Authors: Kirk Russell
The next morning
Marquez met Shauf at Mel’s in Walnut Grove, where they got coffee and sat in his truck and talked before heading toward Raburn Orchards. They drove slowly up the river road.
“Think anyone will be there?” she asked.
“Sure, they’ll be there and we may get another confession out of Raburn as he throws himself on the tracks to try to save his brother.”
“You really think he cares that much about his brother?”
“I do.”
When they turned off the road and came down the steep drop to Raburn Orchards Marquez spotted Abe’s truck under the high gable of the packing shed, so they went there first. The driver’s door was open, the truck parked at an odd angle, but no lights were on in back and they couldn’t find Raburn.
“His keys are in the ignition,” Shauf said.
“Let’s drive down to the house. They must be waiting down there.”
Isaac’s big dark blue Ford F-350 and Cindy’s Volvo were there. Marquez pulled in alongside the Ford.
“Cold this morning,” Shauf said as they got up on the porch of the main house and knocked.

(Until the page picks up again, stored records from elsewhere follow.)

(* Let $a_1,a_2,\dots$ be positive integers. For all $n\ge 2$, $Q_n(x)=p_n(x,x+1)$.
   Context: Fix positive integers $a_1,a_2,\dots$. Define polynomials $Q_n(x)\in\mathbb{Z}[x]$ by $Q_0(x)=1$, $Q_1(x)=x+a_1$, and $Q_n(x)=(-1)^{n+1}a_nQ_{n-1}(x)+x(x+1)Q_{n-2}(x)$ for $n\ge 2$. Equivalently, $Q_n(x)$ is the determinant of the $n\times n$ tridiagonal matrix $M_n=(m_{ij})$ defined by: - $m_{11}=x+a_1$ and $m_{kk}=(-1)^{k+1}a_k$ for $k\ge 2$; - $m_{i,i+1}=-(x+1)$ for odd $i$ and $m_{i,i+1}=-x$ for even $i$; - $m_{i,i-1}=x$ for even $i$ and $m_{i,i-1}=x+1$ for odd $i\ge3$; - all other entries $0$. For $n\ge1$, $1\le l\le n$, let $I_{n,l}$ be the set of strictly increasing sequences $(t_1,\dots,t_l)$ in $\{1,\dots,n\}$ with $t_i\equiv n+i-l\pmod 2$ for all $i$. Let $a_{\mathbf t}=a_{t_1}\cdots a_{t_l}$ and $\gamma_n(l)=\sum_{\mathbf t\in I_{n,l}}a_{\mathbf t}$, with $\gamma_n(0)=1$. For $n\ge2$ write $n=2m+r_0$ with $r_0\in\{0,1\}$ and $r_1=1-r_0$, and define $$p_n(x,y)=x^{r_0}\sum_{k=0}^{m}(-1)^{m-k}x^ky^k\gamma_n(n-2k-r_0)+x^{r_1}\sum_{k=0}^{m-r_1}(-1)^{m-k}x^ky^k\gamma_n(n-2k-r_1).$$ *)

From HB Require Import structures.
From mathcomp Require Import all_boot all_order all_algebra.
Set Implicit Arguments. Unset Strict Implicit. Unset Printing Implicit Defensive.
Import Order.TTheory GRing.Theory Num.Theory.
Local Open Scope ring_scope.

(* The sequence a_1, a_2, ... is a : nat -> nat; a 0 is unused. *)

(* Qpair a n = (Q_n, Q_{n+1}) *)
Fixpoint Qpair (a : nat -> nat) (n : nat) : {poly int} * {poly int} :=
  match n with
  | 0%N => (1, 'X + (a 1%N)%:Z%:P)
  | k.+1 => let (q0, q1) := Qpair a k in
            (q1, (-1) ^+ (k.+2.+1) * (a k.+2)%:Z%:P * q1 + 'X * ('X + 1) * q0)
  end.

Definition Q (a : nat -> nat) (n : nat) : {poly int} := (Qpair a n).1.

The sky was white, and the lights glowing from inside the house gave the porch a feeling of dusk, though it was just 10:30. The kids would be at school. They knocked on the door again and waited for the sound of creaking boards as someone came to answer. Shauf’s breath clouded the air in front of her as they talked.
“Beautiful old house, but it sure needs work. Almost easier to tear it down,” she said, then asked, “Do you think he’s blowing us off?”

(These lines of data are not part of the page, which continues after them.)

(* Let $q$ be a prime power with $q\equiv 1 \pmod 3$, let $\delta\in\mathbb{F}_q$ be a cubic nonresidue, and let $\mathbb{F}_q(\delta^{1/3})$ be the cubic extension with $\mathbb{F}_q$-basis $\{1,\delta^{1/3},\delta^{2/3}\}$; write $\alpha=\alpha_1+\alpha_2\delta^{1/3}+\alpha_3\delta^{2/3}$ with $\alpha_i\in\mathbb{F}_q$. Let $\mathbb{H}_q=\{(\alpha,\beta)\in \mathbb{F}_q(\delta^{1/3})^2 : \alpha_2\beta_3-\alpha_3\beta_2\neq 0\}$ with the action of $\mathrm{GL}_3(\mathbb{F}_q)$ given by \[ \begin{bmatrix} a & b & c\\ d & e & f\\ r & s & t \end{bmatrix} (\alpha,\beta) = \left(\frac{a\alpha+b\beta+c}{r\alpha+s\beta+t}, \frac{d\alpha+e\beta+f}{r\alpha+s\beta+t} \right). \] Let $B\le\mathrm{GL}_3(\mathbb{F}_q)$ be the Borel subgroup of invertible upper-triangular matrices. Then \[\{(\delta^{1/3},\,v\delta^{1/3}+\delta^{2/3}) : v\in\mathbb{F}_q\}\ \sqcup\ \{(\delta^{2/3},\,\delta^{1/3})\}\] is a fundamental domain for the action of $B$ on $\mathbb{H}_q$.
   Context: A fundamental domain for the action of a subgroup $H$ on $\mathbb{H}_q$ is a subset of $\mathbb{H}_q$ containing exactly one element of each $H$-orbit. A cubic nonresidue is an element of $\mathbb{F}_q^\times$ that is not a cube in $\mathbb{F}_q$. *)

From HB Require Import structures.
From mathcomp Require Import all_boot all_order all_algebra all_field.
Set Implicit Arguments. Unset Strict Implicit. Unset Printing Implicit Defensive.
Import GRing.Theory.
Local Open Scope ring_scope.

Section Cubic.
Variables (F : fieldType) (L : fieldExtType F) (d : L).

(* the F-basis {1, delta^(1/3), delta^(2/3)} where d plays delta^(1/3) *)
Definition cbasis : 3.-tuple L := [tuple 1; d; d ^+ 2].

Definition o0 : 'I_3 := @Ordinal 3 0 isT.
Definition o1 : 'I_3 := @Ordinal 3 1 isT.
Definition o2 : 'I_3 := @Ordinal 3 2 isT.

(* coordinates: x = x_1 + x_2 d + x_3 d^2; cc x o0 = x_1, cc x o1 = x_2, cc x o2 = x_3 *)
Definition cc (x : L) (i : 'I_3) : F := coord cbasis i x.

Definition inHq (p : L * L) : Prop :=
  cc p.1 o1 * cc p.2 o2 - cc p.1 o2 * cc p.2 o1 != 0.

Definition act (g : 'M[F]_3) (p : L * L) : L * L :=
  let den := g o2 o0 *: p.1 + g o2 o1 *: p.2 + (g o2 o2)%:A in
  ((g o0 o0 *: p.1 + g o0 o1 *: p.2 + (g o0 o2)%:A) / den,
   (g o1 o0 *: p.1 + g o1 o1 *: p.2 + (g o1 o2)%:A) / den).

Definition inBorel (g : 'M[F]_3) : Prop :=
  g \in unitmx /\ forall i j : 'I_3, (j < i)%N -> g i j = 0.

Definition fundamental_domain (H : 'M[F]_3 -> Prop) (X D : L * L -> Prop) : Prop :=
  (forall y, D y -> X y) /\
  (forall x, X x -> exists! y, D y /\ exists g, H g /\ act g x = y).

Definition candD (y : L * L) : Prop :=
  (exists v : F, y = (d, v *: d + d ^+ 2)) \/ y = (d ^+ 2, d).

End Cubic.

From HB Require Import structures.
From mathcomp Require Import all_boot all_order all_algebra all_field.
From mathcomp Require Import ring.
Import GRing.Theory.
Local Open Scope ring_scope.

(* An upper-triangular g has r = s = 0, so it acts affinely:
   (alpha, beta) |-> ((a alpha + b beta + c) / t, (e beta + f) / t).
   On the d- and d^2-coordinates of beta this is scaling by e/t, hence whether
   beta_3 vanishes and, if not, the ratio beta_2 / beta_3 are orbit invariants,
   and they single out one element of the candidate set.  Conversely, since
   alpha_2 beta_3 - alpha_3 beta_2 <> 0, the pairs (alpha_2, alpha_3) and
   (beta_2, beta_3) are independent, so a and b can be chosen to move alpha to
   d or d^2, while c and f absorb the constant coordinates. *)

Lemma det_upper (R : comPzRingType) n (A : 'M[R]_n) :
  (forall i j : 'I_n, (j < i)%N -> A i j = 0) -> \det A = \prod_i A i i.
Proof.
move=> A_up; rewrite -det_tr det_trig; last first.
  by apply/is_trig_mxP => i j lt_ij; rewrite mxE A_up.
by apply: eq_bigr => i _; rewrite mxE.
Qed.

Lemma upper_unitmxP {F : fieldType} {n} {A : 'M[F]_n} :
  (forall i j : 'I_n, (j < i)%N -> A i j = 0) ->
  reflect (forall i, A i i != 0) (A \in unitmx).
Proof.
move=> A_up; rewrite unitmxE det_upper // unitfE.
by apply: (iffP (prodf_neq0 _ _)) => nz i *; apply: nz.
Qed.

Lemma inBorel_diag_neq0 {F : fieldType} {g : 'M[F]_3} : inBorel g -> forall i, g i i != 0.
Proof. by case=> g_unit g_up; move: g_unit => /(upper_unitmxP g_up). Qed.

Definition borel_mx {F : fieldType} (a b c e f : F) : 'M[F]_3 :=
  \matrix_(i, j) nth 0 (nth [::] [:: [:: a; b; c]; [:: 0; e; f]; [:: 0; 0; 1]] i) j.

Lemma borel_mx_Borel (F : fieldType) (a b c e f : F) :
  a != 0 -> e != 0 -> inBorel (borel_mx a b c e f).
Proof.
move=> a0 e0; have up : forall i j : 'I_3, (j < i)%N -> borel_mx a b c e f i j = 0.
  by move=> [[|[|[|//]]] ?] [[|[|[|//]]] ?] //= _; rewrite mxE.
by split=> //; apply/(upper_unitmxP up) => -[[|[|[|//]]] ?]; rewrite mxE //= oner_eq0.
Qed.

Lemma act_borel_mx (F : fieldType) (L : fieldExtType F) (a b c e f : F) (x : L * L) :
  act (borel_mx a b c e f) x = (a *: x.1 + b *: x.2 + c%:A, e *: x.2 + f%:A).
Proof. by rewrite /act !mxE /= !scale0r !add0r scale1r !divr1. Qed.

Section BorelOrbits.
Variables (F : fieldType) (L : fieldExtType F) (d : L).
Hypothesis d_basis : basis_of fullv (cbasis d).

Lemma ccD u v i : cc d (u + v) i = cc d u i + cc d v i.
Proof. exact: linearD. Qed.

Lemma ccZ k u i : cc d (k *: u) i = k * cc d u i.
Proof. exact: linearZ. Qed.

Lemma cc_cbasis (j i : 'I_3) : cc d (cbasis d)`_j i = (j == i)%:R.
Proof. exact: (coord_free j i (basis_free d_basis)). Qed.

Lemma cc1 i : cc d 1 i = (o0 == i)%:R.
Proof. exact: (cc_cbasis o0). Qed.

Lemma cc_d i : cc d d i = (o1 == i)%:R.
Proof. exact: (cc_cbasis o1). Qed.

Lemma cc_d2 i : cc d (d ^+ 2) i = (o2 == i)%:R.
Proof. exact: (cc_cbasis o2). Qed.

Local Notation ccE := (ccD, ccZ, cc1, cc_d, cc_d2).

Lemma cc_inj u v :
  cc d u o0 = cc d v o0 -> cc d u o1 = cc d v o1 -> cc d u o2 = cc d v o2 -> u = v.
Proof.
move=> e0 e1 e2.
rewrite (coord_basis d_basis (memvf u)) (coord_basis d_basis (memvf v)).
apply: eq_bigr => -[[|[|[|//]]] i_lt3] _; congr (_ *: _).
- by have -> : Ordinal i_lt3 = o0 by apply: val_inj.
- by have -> : Ordinal i_lt3 = o1 by apply: val_inj.
- by have -> : Ordinal i_lt3 = o2 by apply: val_inj.
Qed.

Lemma act_Borel_snd (g : 'M[F]_3) (x : L * L) : inBorel g ->
  (act g x).2 = (g o2 o2)^-1 *: (g o1 o1 *: x.2 + (g o1 o2)%:A).
Proof.
case=> _ g_up; rewrite /act /= (g_up o2 o0) // (g_up o2 o1) // (g_up o1 o0) //.
by rewrite !scale0r !add0r -(fmorphV (in_alg L)) mulr_algr.
Qed.

Definition orbit_rep (x : L * L) : L * L :=
  if cc d x.2 o2 == 0 then (d ^+ 2, d)
  else (d, (cc d x.2 o1 / cc d x.2 o2) *: d + d ^+ 2).

Lemma orbit_rep_Borel x (g : 'M[F]_3) : inBorel g -> orbit_rep (act g x) = orbit_rep x.
Proof.
move=> g_B; have t0 := inBorel_diag_neq0 g_B o2; have e0 := inBorel_diag_neq0 g_B o1.
rewrite /orbit_rep act_Borel_snd // !ccE /= !(mulr0, addr0).
rewrite !mulf_eq0 invr_eq0 (negbTE t0) (negbTE e0) /=.
by case: eqP => // /eqP b3_neq0; congr (_, _ *: _ + _); field; rewrite b3_neq0 t0 e0.
Qed.

Lemma orbit_rep_candD y : candD d y -> orbit_rep y = y.
Proof.
case=> [[v ->]|->]; rewrite /orbit_rep /= !ccE /= ?(mulr0, mulr1, addr0, add0r).
  by rewrite oner_eq0 divr1.
by rewrite eqxx.
Qed.

Lemma candD_orbit_rep x : candD d (orbit_rep x).
Proof. by rewrite /orbit_rep; case: ifP => _; [right | left; eexists]. Qed.

Lemma inHq_candD y : candD d y -> inHq d y.
Proof.
by case=> [[v ->]|->]; rewrite /inHq /= !ccE /=
  ?(mulr0, mul0r, mulr1, addr0, add0r, subr0, sub0r, oppr_eq0) oner_eq0.
Qed.

Lemma orbit_rep_reached x : inHq d x -> exists g, inBorel g /\ act g x = orbit_rep x.
Proof.
case: x => al be; rewrite /inHq /orbit_rep /=.
have [b3_0|b3_neq0] := eqVneq (cc d be o2) 0 => hx.
  move: hx; rewrite b3_0 mulr0 sub0r oppr_eq0 mulf_eq0 negb_or => /andP[a3_neq0 b2_neq0].
  pose a := (cc d al o2)^-1; pose b := - cc d al o1 / (cc d al o2 * cc d be o1).
  pose e := (cc d be o1)^-1.
  exists (borel_mx a b (- (a * cc d al o0 + b * cc d be o0)) e (- e * cc d be o0)).
  split; first by apply: borel_mx_Borel; rewrite invr_eq0.
  rewrite act_borel_mx; congr pair; apply: cc_inj; rewrite !ccE /= ?b3_0 /a /b /e;
    by field; rewrite ?a3_neq0 ?b2_neq0.
pose D := cc d al o1 * cc d be o2 - cc d al o2 * cc d be o1.
pose a := cc d be o2 / D; pose b := - cc d al o2 / D; pose e := (cc d be o2)^-1.
exists (borel_mx a b (- (a * cc d al o0 + b * cc d be o0)) e (- e * cc d be o0)).
split; first by apply: borel_mx_Borel; rewrite ?mulf_neq0 ?invr_eq0.
rewrite act_borel_mx; congr pair; apply: cc_inj; rewrite !ccE /= /a /b /e /D;
  by field; rewrite ?hx ?b3_neq0.
Qed.

Lemma Borel_fundamental_domain : fundamental_domain (@inBorel F) (inHq d) (candD d).
Proof.
split=> [|x hx]; first exact: inHq_candD.
exists (orbit_rep x); split; first by split; [exact: candD_orbit_rep | exact: orbit_rep_reached].
by move=> y [Dy [g [g_B gx_y]]]; rewrite -(orbit_rep_Borel x _ g_B) gx_y orbit_rep_candD.
Qed.

End BorelOrbits.

Theorem proposition5p2 (F : finFieldType) (delta : F)
    (hq : (#|F| %% 3 = 1)%N)
    (hdelta0 : delta != 0)
    (hnoncube : ~ exists x : F, x ^+ 3 = delta)
    (L : fieldExtType F) (d : L)
    (hd : d ^+ 3 = delta%:A)
    (hbasis : basis_of fullv (cbasis d)) :
  fundamental_domain (@inBorel F) (inHq d) (candD d).
Proof. exact: Borel_fundamental_domain hbasis. Qed.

They checked the outbuildings and the rows of trees, looking for Isaac through the bare limbs. They checked the equipment shed because they’d seen day laborers come and go out of there. They drove down to the canning building, and the door was closed but the deadbolt not thrown. Marquez knocked and then pushed on the door. Behind him, Shauf spoke quietly.
“We ought to be careful how far we take it. We don’t have an active warrant anymore.”
The canning room door swung open, and Shauf’s questions died in her throat when she saw what he was looking at.
“Why the children?” was all that came from her.
Marquez reached and stopped Shauf and then walked over to their bodies. He didn’t really need to. He could see they were dead,
but leaned over and touched Isaac’s throat and then the girl. He went back for a flashlight and shone it into the pupils of the boy and then Cindy. They lay side by side, lined up, he thought, made to lie that way. Blood had dried, crusted in their hair. He moved the flashlight from one to the other, then turned it off.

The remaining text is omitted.